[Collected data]
·····

(* Let $\lambda>0$, $\mathbf{A}\in\mathbb{R}^{m\times n}$ with columns $\mathbf{a}_1,\dots,\mathbf{a}_n$, let $f:\mathbb{R}^m\to\mathbb{R}\cup\{+\infty\}$, and let $h:\mathbb{R}\to\mathbb{R}\cup\{+\infty\}$ be proper, closed and convex with $0\in\mathrm{dom}(h)$, $h(0)=0$, and $0$ an accumulation point of $\mathrm{dom}(h)$. Let $\nu=(\mathcal{S}_0,\mathcal{S}_1,\mathcal{S}_\bullet)$ and $\nu'=(\mathcal{S}_0',\mathcal{S}_1',\mathcal{S}_\bullet')$ be partitions of $\{1,\dots,n\}$ such that $\mathcal{S}_0\subseteq\mathcal{S}_0'$, $\mathcal{S}_1\subseteq\mathcal{S}_1'$ and $(\mathcal{S}_0'\setminus\mathcal{S}_0)\cup(\mathcal{S}_1'\setminus\mathcal{S}_1)=\{i\}$ for some $i\in\mathcal{S}_\bullet$. Then for all $\mathbf{u}\in\mathbb{R}^m$, $$D^{\nu'}(\mathbf{u})=D^\nu(\mathbf{u})+\begin{cases}\phi_0(\mathbf{a}_i^\top\mathbf{u}) & \text{if } i\in\mathcal{S}_0',\\ \phi_1(\mathbf{a}_i^\top\mathbf{u}) & \text{if } i\in\mathcal{S}_1'.\end{cases}$$
   Context: $\|\mathbf{x}\|_0$ is the number of nonzero entries of $\mathbf{x}$; $\eta(\text{condition})=0$ if the condition holds and $+\infty$ otherwise; $\omega^*$ denotes the convex conjugate of $\omega$. An accumulation point $0$ of a set $\mathcal{C}\subseteq\mathbb{R}$: every neighborhood of $0$ contains a point of $\mathcal{C}$ other than $0$. For a partition $\nu=(\mathcal{S}_0,\mathcal{S}_1,\mathcal{S}_\bullet)$: $\mathcal{X}^\nu=\{\mathbf{x}\in\mathbb{R}^n: x_j=0\ \forall j\in\mathcal{S}_0,\ x_j\neq0\ \forall j\in\mathcal{S}_1\}$; $g^\nu(\mathbf{x})=\lambda\|\mathbf{x}\|_0+\sum_{j=1}^n h(x_j)+\eta(\mathbf{x}\in\mathcal{X}^\nu)$; $D^\nu(\mathbf{u})=-f^*(-\mathbf{u})-(g^\nu)^*(\mathbf{A}^\top\mathbf{u})$. Also $\phi_0(v)=\max(h^*(v)-\lambda,0)$ and $\phi_1(v)=\max(\lambda-h^*(v),0)$.
   Formalization: The identity is claimed only for those $\mathbf{u}$ at which not both $D^\nu(\mathbf{u})=-\infty$ and the added term $\phi_0(\mathbf{a}_i^\top\mathbf{u})$ or $\phi_1(\mathbf{a}_i^\top\mathbf{u})$ equals $+\infty$. The statement above fails without it. *)

From HB Require Import structures.
From mathcomp Require Import all_boot all_order all_algebra.
From mathcomp Require Import all_classical all_reals all_analysis.
Set Implicit Arguments. Unset Strict Implicit. Unset Printing Implicit Defensive.
Import Order.TTheory GRing.Theory Num.Theory.
Import numFieldTopology.Exports.
Local Open Scope ring_scope.
Local Open Scope ereal_scope.

Section Defs.
Variable R : realType.

Local Open Scope classical_set_scope.
Definition edom {T : Type} (F : T -> \bar R) : set T := [set x | F x < +oo].

Definition proper_fun {T : Type} (F : T -> \bar R) : Prop :=
  (forall x, F x != -oo) /\ (exists x, F x < +oo).

Definition econvex (h : R -> \bar R) : Prop :=
  forall x y (t : R), (0 < t < 1)%R ->
    h (t * x + (1 - t) * y)%R <= t%:E * h x + (1 - t)%:E * h y.

Definition conj1 (h : R -> \bar R) (v : R) : \bar R :=
  ereal_sup (range (fun x : R => (v * x)%:E - h x)).

Definition conjV (k : nat) (F : 'cV[R]_k -> \bar R) (y : 'cV[R]_k) : \bar R :=
  ereal_sup (range (fun x : 'cV[R]_k => ((y^T *m x) ord0 ord0)%:E - F x)).

Definition eta (b : bool) : \bar R := if b then 0 else +oo.

Definition l0 (n : nat) (x : 'cV[R]_n) : nat := #|[set j | x j ord0 != 0%R]|.

Local Close Scope classical_set_scope.
Definition is_partition3 (n : nat) (S0 S1 Sb : {set 'I_n}) : Prop :=
  [/\ [disjoint S0 & S1], [disjoint S0 & Sb], [disjoint S1 & Sb]
    & S0 :|: S1 :|: Sb = [set: 'I_n]].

·····

• _What to produce_
Within the records above, the line carrying "ereal_sup (range (fun x : R" starts the range and the last line ends it. Set down that range exactly.

• _Completed exercise_
  ereal_sup (range (fun x : R => (v * x)%:E - h x)).

Definition conjV (k : nat) (F : 'cV[R]_k -> \bar R) (y : 'cV[R]_k) : \bar R :=
  ereal_sup (range (fun x : 'cV[R]_k => ((y^T *m x) ord0 ord0)%:E - F x)).

Definition eta (b : bool) : \bar R := if b then 0 else +oo.

Definition l0 (n : nat) (x : 'cV[R]_n) : nat := #|[set j | x j ord0 != 0%R]|.

Local Close Scope classical_set_scope.
Definition is_partition3 (n : nat) (S0 S1 Sb : {set 'I_n}) : Prop :=
  [/\ [disjoint S0 & S1], [disjoint S0 & Sb], [disjoint S1 & Sb]
    & S0 :|: S1 :|: Sb = [set: 'I_n]].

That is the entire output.